What are you excited to talk about today?
Yeah, well, I think there's a few big macro trends that we're seeing in the data world today.
I would say I would be delighted to talk about some of the emerging data engines that are out there for powering fast analytics at scale, really at any scale. So Druid and ClickHouse,
also DuckDB, we all know is an exciting new engine. But I think the other trend that for me
is particularly exciting is the trend towards serverless frameworks.
I think if we've, those of us,
and I know all of you pay close attention to the space,
I think that there's a lot of new frameworks out there
for really taking not just data technologies to the cloud,
but making them serverless in the cloud.
And so I look at, yeah,
almost any area of the data stack,
I think is being remade
to be truly serverless at scale in the cloud.
And that's a pretty exciting area
that's going to take several years to play out.
Yeah, 100%.
We'll have a lot to talk about that too.
So Eric, what do you think?
Should we dive in?
Let's do it.
All right.
Well, I want to talk about Druid.
I don't think that we've covered this extensively on the show, but maybe you can help us understand Druid
by telling us the origin story and sort of where it came from in your time at Metamarkets.
Sure. Yeah. The story of Druid really is similar to the story of a lot of technology innovation, necessity is the mother of that innovation.
Metamarkets was started in the early 2010s as an advertising analytics business. I was the CTO and co-founder there. And we were building basically an exploratory BI tool for some of the largest digital advertising platforms that were emerging back then.
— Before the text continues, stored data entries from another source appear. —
(* Let $\Phi=B_l$ or $C_l$ with $l\ge2$. There exist fields $K\subseteq F$ of characteristic $2$, with $F$ a finite (hence algebraic) extension of the nonperfect field $K$, and an admissible pair $(\Lambda_l,\Lambda_s)=(Q,P)$ of type $\Phi$ in $F$ with $K\subseteq Q\subseteq P\subseteq F$, such that: (1) if $\Phi=B_l$, $l\ge3$, then $P$ is not a field; (2) if $\Phi=C_l$, $l\ge3$, then $Q$ is not a field; (3) if $\Phi=B_2=C_2$, then neither $P$ nor $Q$ is a field.
   Context: Let $p=2$ for $\Phi=B_l,C_l$. An admissible pair of type $\Phi$ in a ring $R$ is a pair $\Lambda=(\Lambda_l,\Lambda_s)$ of additive subgroups of $R$ with: (AP1) $p\Lambda_s\subseteq\Lambda_l\subseteq\Lambda_s$; (AP2) $t^p\Lambda_l\subseteq\Lambda_l$ for all $t\in\Lambda_s$; (AP3) $\Lambda_s$ is a subring if $\Phi\ne B_l$; (AP4) $\Lambda_l$ is a subring if $\Phi\ne C_l$; and moreover $\Lambda_l\Lambda_s\subseteq\Lambda_s$. For $\Phi=B_2=C_2$ neither $\Lambda_l$ nor $\Lambda_s$ is required to be a subring. *)

From HB Require Import structures.
From mathcomp Require Import all_boot all_order all_algebra all_field.
Set Implicit Arguments. Unset Strict Implicit. Unset Printing Implicit Defensive.
Import GRing.Theory.
Local Open Scope ring_scope.

Inductive rsType := TypeB | TypeC.

Section Defs.
Variable F : fieldType.

Definition add_subgroup (A : pred F) : Prop :=
  0 \in A /\ (forall x y, x \in A -> y \in A -> x - y \in A).

Definition is_subring (A : pred F) : Prop :=
  add_subgroup A /\ 1 \in A /\ (forall x y, x \in A -> y \in A -> x * y \in A).

Definition is_subfield (A : pred F) : Prop :=
  is_subring A /\ (forall x, x \in A -> x != 0 -> x^-1 \in A).

(* Admissible pair (Ll, Ls) of type Phi = typ_l, with p = 2.
   For l = 2 (B_2 = C_2) neither component is required to be a subring. *)
Definition admissible_pair (typ : rsType) (l : nat) (Ll Ls : pred F) : Prop :=
  [/\ add_subgroup Ll /\ add_subgroup Ls,
      (forall x, x \in Ls -> 2%:R * x \in Ll) /\ ({subset Ll <= Ls}),
      (forall t x, t \in Ls -> x \in Ll -> t ^+ 2 * x \in Ll),
      (typ = TypeC -> (3 <= l)%N -> is_subring Ls) /\
      (typ = TypeB -> (3 <= l)%N -> is_subring Ll)
    & (forall x y, x \in Ll -> y \in Ls -> x * y \in Ls)].
End Defs.

Definition perfect_pchar (K : fieldType) (p : nat) : Prop :=
  forall x : K, exists y : K, y ^+ p = x.

From HB Require Import structures.
From mathcomp Require Import all_boot all_order all_algebra all_field.
Set Implicit Arguments. Unset Strict Implicit. Unset Printing Implicit Defensive.
Import GRing.Theory.
Local Open Scope ring_scope.

(* Take L = F_2(y0, y1, y2, y3) and let F be L seen as an algebra over K := L
   through the square map, so that F/K is the extension L/L^2: it has degree 16,
   the monomials y^A (A a subset of {0,..,3}) form a K-basis, and x^2 lies in K
   for every x in F.  K-spans of sets of monomials are therefore stable under
   multiplication by squares, and span(S) * span(T) lies in the span of the
   symmetric differences A (+) B, A in S, B in T.  With Q = K + K y0 + K y1 and
   P = E + E y2 + E y3, E = K[y0, y1], the pair (Q, P) is admissible of type B_2,
   while y0 y1 is not in Q and y2 y3 is not in P; for l >= 3 the pairs (K, Q)
   and (Q, F) serve for B_l and C_l.  K is not perfect since y0 has no square
   root in L.  The 2-basis of L over L^2 is built one variable at a time:
   adjoining a transcendental X to M turns a 2-basis b of M into {b, b X}. *)

Section SquareBasis.
Variable R : comNzRingType.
And as you can imagine, the data that we were looking at comprised of billions and billions of advertising events.
I've often said that, you know, in general, advertising is the crucible of a lot of technology innovation.
It's one of the first industries that was kind of fully digitally transformed, right?
The digital media already was made of bits.
And so unlike e-commerce or other verticals,
digital media and advertising really adopted a lot of data infrastructure technologies
and invented a lot of data infrastructure technologies much earlier than other verticals.
So here we were dealing with billions and billions of records.
We had an early customer based here in California that was called OpenX actually was their name.
They're still around today.
One of the first programmatic advertising businesses doing real-time buying and selling of ads.
So I had a lot of different databases.
I first started with Greenplum,
which was a distributed Postgres engine I'd worked with.
Tried to build dashboards that were interactive.
On top of that, we struggled at high concurrency. We eventually moved to a technique that people
still use quite a bit, which is we put everything into HBase, a key value store, and we pre-computed
all of the different projections of the OLAP cube and stored those keys and values and age base.
But that quickly becomes untenable as you kind of expand the dimensionality of your data.
It gets kind of massive. And so then an engineer that we had hired out of LinkedIn, very talented at the time, young guy named Eric Cheddar showed up and said, hey, I have an idea for a distributed in memory OLAP engine.
And we were young and possibly naive.
And we thought, all right, let's give it a shot.
So Druid was, I think we started work on it in maybe late, maybe late 2000 2011.
I think Eric, maybe actually early 2011. Eric wrote a spec for it. I have a, it's on my
blog actually, where he wrote out the architecture and a few hundred lines of, of code, 550 word
requirements stock. And then, and then about, you know, eight weeks later, the first version of Druid was in production.
That was April 2011.
We open sourced it at an O'Reilly Strata conference in October 2012.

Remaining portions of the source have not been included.